Geçtiğimiz Çarşamba günü Ahmed’in duruşması vardı. #freeahmedmanasra etiketi sosyal medyada trend topic oldu. On binlerce kişi Manasra’nın serbest bırakılıp ailesine kavuşması için elektronik imza topladı. Basın açıklamaları ve eylemler neticesinde mahkeme Ahmed’in tutukluluğunun devamına karar vermekle birlikte dosyasının yeniden değerlendirilmesine karar verdi. Sosyal medya çabasının kelebek etkisine dönüşmesi diyebiliriz bu gelişmelere.

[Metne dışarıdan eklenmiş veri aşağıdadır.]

Lemma eigenvalue_sqr n (M : 'M[F]_n) r (u : 'rV_n) x :
  M *m M = r%:M -> u != 0 -> u *m M = x *: u -> x ^+ 2 = r.
Proof.
move=> M2 u_neq0 uM; have := congr1 (mulmx u) M2.
rewrite mulmxA uM -scalemxAl uM scalerA mul_mx_scalar -expr2 => /eqP.
by rewrite -subr_eq0 -scalerBl scaler_eq0 (negbTE u_neq0) orbF subr_eq0 => /eqP.
Qed.

Lemma commute_of_scalar_commute n (A B : 'M[F]_n) c (u : 'rV_n) x y :
  A *m B = c *: (B *m A) -> u != 0 -> u *m A = x *: u -> u *m B = y *: u ->
  x * y != 0 -> A *m B = B *m A.
Proof.
move=> AB u_neq0 uA uB xy_neq0; suff c1 : c = 1 by rewrite AB c1 scale1r.
have := congr1 (mulmx u) AB; rewrite -scalemxAr !mulmxA uA uB -!scalemxAl uA uB.
rewrite !scalerA mulrC => /eqP; rewrite -subr_eq0 -scalerBl scaler_eq0 (negbTE u_neq0).
rewrite orbF -mulrA -{1}[y * x]mul1r -mulrBl mulf_eq0 [y * x]mulrC (negbTE xy_neq0).
by rewrite orbF subr_eq0 eq_sym => /eqP.
Qed.

Lemma sqr_neq0 (z r : F) : z ^+ 2 = r -> r != 0 -> z != 0.
Proof. by move=> <-; rewrite expf_eq0. Qed.

Lemma sqr_eq_neq (z z' : F) : z ^+ 2 = z' ^+ 2 -> z != z' -> z + z' = 0.
Proof.
by move/eqP; rewrite eqf_sqr => /orP [/eqP -> | /eqP ->]; rewrite ?eqxx ?addNr.
Qed.

End FieldMatrices.

Section CommutingSquareRootsOfScalars.
Variables (F : fieldType) (n : nat) (A B : 'M[F]_n) (s t : F).
Hypothesis two_neq0 : 2%:R != 0 :> F.
Hypotheses (AB_comm : A *m B = B *m A) (A2 : A *m A = s%:M) (B2 : B *m B = t%:M).
Hypotheses (s_neq0 : s != 0) (t_neq0 : t != 0).

Definition joint_eigenvector (u : 'rV[F]_n) x y :=
  [/\ u != 0, u *m A = x *: u & u *m B = y *: u].

Lemma joint_eigenvalue_sqr u x y : joint_eigenvector u x y -> x ^+ 2 = s /\ y ^+ 2 = t.
Proof.
case=> u_neq0 uA uB.
by split; [exact: eigenvalue_sqr A2 u_neq0 uA | exact: eigenvalue_sqr B2 u_neq0 uB].
Qed.

Lemma addrr_neq0 (z : F) : z != 0 -> z + z != 0.
Proof. by move=> z_neq0; rewrite -mulr2n -mulr_natl mulf_neq0. Qed.

(* [joint_proj x y] multiplies the joint eigenvectors for [(x, y)] by [(x + x) * (y + y)] and
   kills those for [(- x, _)] and [(_, - y)]; its rows are joint eigenvectors for [(x, y)]. *)
Definition joint_proj x y := (A + x%:M) *m (B + y%:M).

Lemma mul_joint_proj (u : 'rV_n) a b x y : u *m A = a *: u -> u *m B = b *: u ->
  u *m joint_proj x y = ((a + x) * (b + y)) *: u.
Proof.
move=> uA uB; rewrite /joint_proj mulmxA [u *m (A + _)]mulmxDr mul_mx_scalar uA -scalerDl.
by rewrite -scalemxAl mulmxDr mul_mx_scalar uB -scalerDl scalerA.
Qed.

Lemma joint_projA x y : x ^+ 2 = s -> joint_proj x y *m A = x *: joint_proj x y.
Proof.
move=> x2; have BA : (B + y%:M) *m A = A *m (B + y%:M).
  by rewrite mulmxDl mulmxDr -AB_comm mul_scalar_mx mul_mx_scalar.
rewrite /joint_proj -mulmxA BA mulmxA mulmxDl A2 -x2 mul_scalar_mx.
by rewrite expr2 -scale_scalar_mx addrC -scalerDr scalemxAl.
Qed.

Lemma joint_projB x y : y ^+ 2 = t -> joint_proj x y *m B = y *: joint_proj x y.
Proof.
move=> y2; rewrite /joint_proj -mulmxA [(B + _) *m B]mulmxDl B2 -y2 mul_scalar_mx.
by rewrite expr2 -scale_scalar_mx -scalerDr [_%:M + B]addrC scalemxAr.
Qed.

Lemma joint_proj_row x y : x ^+ 2 = s -> y ^+ 2 = t -> joint_proj x y != 0 ->
  exists w, joint_eigenvector w x y.
Proof.
move=> x2 y2 P_neq0; exists (nz_row (joint_proj x y)); split; first by rewrite nz_row_eq0.
  have [D ->] := submxP (nz_row_sub (joint_proj x y)).
  by rewrite -mulmxA (joint_projA _ x2) -scalemxAr.
have [D ->] := submxP (nz_row_sub (joint_proj x y)).
by rewrite -mulmxA (joint_projB _ y2) -scalemxAr.
Qed.

Lemma joint_dependence_coef_eq0 m (u : 'I_m -> 'rV[F]_n) (x y : 'I_m -> F) (c : 'rV_m) k :
  (forall i, joint_eigenvector (u i) (x i) (y i)) ->
  (forall i, i != k -> (x i, y i) != (x k, y k)) ->
  \sum_i c 0 i *: u i = 0 -> c 0 k = 0.
Proof.
move=> u_eigen sep cu0; have [uk_neq0 _ _] := u_eigen k.
have [xk2 yk2] := joint_eigenvalue_sqr (u_eigen k).
apply: (dependence_coef_eq0 (M := joint_proj (x k) (y k))
  (d := fun i => (x i + x k) * (y i + y k)) cu0) => //.
- by move=> i; have [_ uA uB] := u_eigen i; exact: mul_joint_proj.
- move=> i /sep; rewrite xpair_eqE negb_and.
  have [xi2 yi2] := joint_eigenvalue_sqr (u_eigen i).
  case/orP=> [x_neq | y_neq]; first by rewrite sqr_eq_neq ?mul0r // xi2.
  by rewrite [y i + _]sqr_eq_neq ?mulr0 // yi2.
by rewrite mulf_neq0 // addrr_neq0 // (sqr_neq0 xk2, sqr_neq0 yk2).
Qed.

Lemma joint_projNl a b :
  joint_proj (- a) b - joint_proj (- a) (- b) = (b *+ 2) *: (A - a%:M).
Proof.
rewrite /joint_proj -mulmxBr opprD addrACA subrr add0r !raddfN /= opprK.
by rewrite mulmxDr mul_mx_scalar -scalerDl mulr2n.
Qed.

Lemma joint_projNr a b :
  joint_proj a (- b) - joint_proj (- a) (- b) = (a *+ 2) *: (B - b%:M).
Proof.
rewrite /joint_proj -mulmxBl opprD addrACA subrr add0r !raddfN /= opprK.
by rewrite mulmxDl mul_scalar_mx -scalerDl mulr2n.
Qed.

Lemma joint_projNlr a b :
  joint_proj (- a) b + joint_proj a (- b) = 2%:R *: (A *m B - (a * b)%:M).
Proof.
rewrite /joint_proj !mulmxDl !mulmxDr !mul_scalar_mx !mul_mx_scalar !raddfN /=.
rewrite !scaleNr !scale_scalar_mx scaler_nat mulr2n addrACA.
rewrite (addrACA (A *m B) (b *: A)) subrr addr0 (addrACA (- (a *: B))) addNr add0r.
by rewrite (addrACA (A *m B) (- _)).
Qed.

Hypotheses (A_nscalar : forall c, A != c%:M) (B_nscalar : forall c, B != c%:M).
Hypothesis AB_nscalar : forall c, A *m B != c%:M.

Lemma other_joint_eigenvectors u a b : joint_eigenvector u a b ->
  exists x y x' y' w w', [/\ joint_eigenvector w x y, joint_eigenvector w' x' y'
    & uniq [:: (a, b); (x, y); (x', y')]].
Proof.
case/joint_eigenvalue_sqr=> a2 b2; have Na2 : (- a) ^+ 2 = s by rewrite sqrrN.
have Nb2 : (- b) ^+ 2 = t by rewrite sqrrN.
have a_neq0 := sqr_neq0 a2 s_neq0; have b_neq0 := sqr_neq0 b2 t_neq0.
have eq_opp (z : F) : z != 0 -> (z == - z) = false /\ (- z == z) = false.
  move=> z_neq0; have zNz : (z == - z) = false.
    by apply/negbTE; rewrite -addr_eq0 addrr_neq0.
  by split; rewrite // eq_sym.
have [[aNa Naa] [bNb Nbb]] := (eq_opp a a_neq0, eq_opp b b_neq0).
have mul2_neq0 (z : F) : z != 0 -> z *+ 2 != 0 by move=> z_neq0; rewrite -mulr_natr mulf_neq0.
have nzA : (joint_proj (- a) b != 0) || (joint_proj (- a) (- b) != 0).
  rewrite -negb_and; apply: contra (A_nscalar a) => /andP [/eqP P1 /eqP P2].
  move: (joint_projNl a b); rewrite P1 P2 subrr => /esym/eqP.
  by rewrite scaler_eq0 (negbTE (mul2_neq0 b b_neq0)) subr_eq0.
have nzB : (joint_proj a (- b) != 0) || (joint_proj (- a) (- b) != 0).
  rewrite -negb_and; apply: contra (B_nscalar b) => /andP [/eqP P1 /eqP P2].
  move: (joint_projNr a b); rewrite P1 P2 subrr => /esym/eqP.
  by rewrite scaler_eq0 (negbTE (mul2_neq0 a a_neq0)) subr_eq0.
have nzAB : (joint_proj (- a) b != 0) || (joint_proj a (- b) != 0).
  rewrite -negb_and; apply: contra (AB_nscalar (a * b)) => /andP [/eqP P1 /eqP P2].
  move: (joint_projNlr a b); rewrite P1 P2 addr0 => /esym/eqP.
  by rewrite scaler_eq0 (negbTE two_neq0) subr_eq0.
have [P1 | P1] := eqVneq (joint_proj (- a) b) 0.
  rewrite P1 eqxx /= in nzA nzAB.
  have [w w_eigen] := joint_proj_row a2 Nb2 nzAB.
  have [w' w'_eigen] := joint_proj_row Na2 Nb2 nzA.
  by exists a, (- b), (- a), (- b), w, w';
    rewrite /= !inE !xpair_eqE ?aNa ?Naa ?bNb ?Nbb ?eqxx ?andbF.
have [w w_eigen] := joint_proj_row Na2 b2 P1.
have [P2 | P2] := eqVneq (joint_proj a (- b)) 0.
  rewrite P2 eqxx /= in nzB.
  have [w' w'_eigen] := joint_proj_row Na2 Nb2 nzB.
  by exists (- a), b, (- a), (- b), w, w';
    rewrite /= !inE !xpair_eqE ?aNa ?Naa ?bNb ?Nbb ?eqxx ?andbF.
have [w' w'_eigen] := joint_proj_row a2 Nb2 P2.
by exists (- a), b, a, (- b), w, w';
  rewrite /= !inE !xpair_eqE ?aNa ?Naa ?bNb ?Nbb ?eqxx ?andbF.
Qed.

Lemma joint_eigenvector_line p q a b : (n <= 3)%N ->
  joint_eigenvector p a b -> joint_eigenvector q a b -> exists c, q = c *: p.
Proof.
move=> n_le3 p_eigen q_eigen.
have [x [y [x' [y' [w [w' [w_eigen w'_eigen]]]]]]] := other_joint_eigenvectors p_eigen.
rewrite /= !inE !negb_or => /and3P [/andP [ab_xy ab_x'y'] xy_x'y' _].
pose v (i : 'I_4) := [:: p; w; w'; q]`_i.
pose X (i : 'I_4) := [:: a; x; x'; a]`_i; pose Y (i : 'I_4) := [:: b; y; y'; b]`_i.
have v_eigen (i : 'I_4) : joint_eigenvector (v i) (X i) (Y i) by case: (ord4P i) => ->.
have [c c_neq0 cv0] := row_dependent v n_le3.
have [c1 c2] : c 0 o1 = 0 /\ c 0 o2 = 0.
  by split; apply: (joint_dependence_coef_eq0 v_eigen _ cv0) => i;
    case: (ord4P i) => -> //=; rewrite 1?eq_sym.
move: cv0; rewrite sum_ord4 c1 c2 !scale0r !addr0 => cpq0.
have c3_neq0 : c 0 o3 != 0.
  apply: contraNneq c_neq0 => c3; move: cpq0; rewrite c3 scale0r addr0 => /eqP.
  have [p_neq0 _ _] := p_eigen; rewrite scaler_eq0 (negbTE p_neq0) orbF => /eqP c0.
  by apply/eqP/rowP => i; rewrite mxE; case: (ord4P i) => ->.
exists (- (c 0 o0 / c 0 o3)); apply: (scalerI c3_neq0).
rewrite scalerA mulrN mulrC divfK // scaleNr.
by apply/eqP; rewrite -addr_eq0 addrC; apply/eqP.
Qed.

Lemma four_joint_eigenvectors (u : 'I_4 -> 'rV[F]_n) (x y : 'I_4 -> F) : (n <= 3)%N ->
  (forall i, joint_eigenvector (u i) (x i) (y i)) ->
  exists i j, i != j /\ exists c, u j = c *: u i.
Proof.
move=> n_le3 u_eigen.
case: (pickP [pred ij : 'I_4 * 'I_4 | (ij.1 != ij.2) && ((x ij.1, y ij.1) == (x ij.2, y ij.2))]).
  move=> [i j] /andP [/= i_neq_j /eqP [xij yij]]; exists i, j; split=> //.
  by apply: joint_eigenvector_line; rewrite // xij yij.
move=> sep; have [c c_neq0 cu0] := row_dependent u n_le3.
case/eqP: c_neq0; apply/rowP => k; rewrite mxE.
apply: (joint_dependence_coef_eq0 u_eigen _ cu0) => i i_neq_k.
by have := sep (i, k); rewrite /= i_neq_k => /negbT.
Qed.

End CommutingSquareRootsOfScalars.

Lemma proj_eq_refl (u : 'rV[C]_3) : proj_eq u u.
Proof. by exists 1; rewrite oner_eq0 scale1r. Qed.

Lemma proj_eq_sym (u v : 'rV[C]_3) : proj_eq u v -> proj_eq v u.
Proof.
by case=> c [c_neq0 ->]; exists c^-1; rewrite invr_eq0 scalerA mulVf // scale1r.
Qed.

Lemma proj_eq_trans (u v w : 'rV[C]_3) : proj_eq u v -> proj_eq v w -> proj_eq u w.
Proof.
by case=> c [c_neq0 ->] [d [d_neq0 ->]]; exists (d * c); rewrite mulf_neq0 // scalerA.
Qed.

Lemma proj_eq_mulmx (u v : 'rV[C]_3) M : proj_eq u v -> proj_eq (u *m M) (v *m M).
Proof. by case=> c [c_neq0 ->]; exists c; rewrite -scalemxAl. Qed.

Lemma proj_eq_neq0 (u v : 'rV[C]_3) : proj_eq u v -> (u != 0) = (v != 0).
Proof. by case=> c [c_neq0 ->]; rewrite scaler_eq0 (negbTE c_neq0). Qed.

Ahmed Manasra, elbet bir gün serbest kalacak. Önemli olan kaybolan yıllarının, yitirilen akıl ve beden sağlığının ne ölçüde geri geleceği. Filistin’in aziz halkı canıyla, kopan uzvuyla, yitirdiği sağlığıyla, yıkılan eviyle, yakılan ekiniyle bedel ödemeye devam ediyor. İşgalci İsrail’den milyonlarca Müslümanın alacağı var ve bunun üzerine Ahmed’in çalınan çocukluk yılları da eklendi. Elbet tüm bunların hesabı sorulur, tahsilatı yapılır bir gün.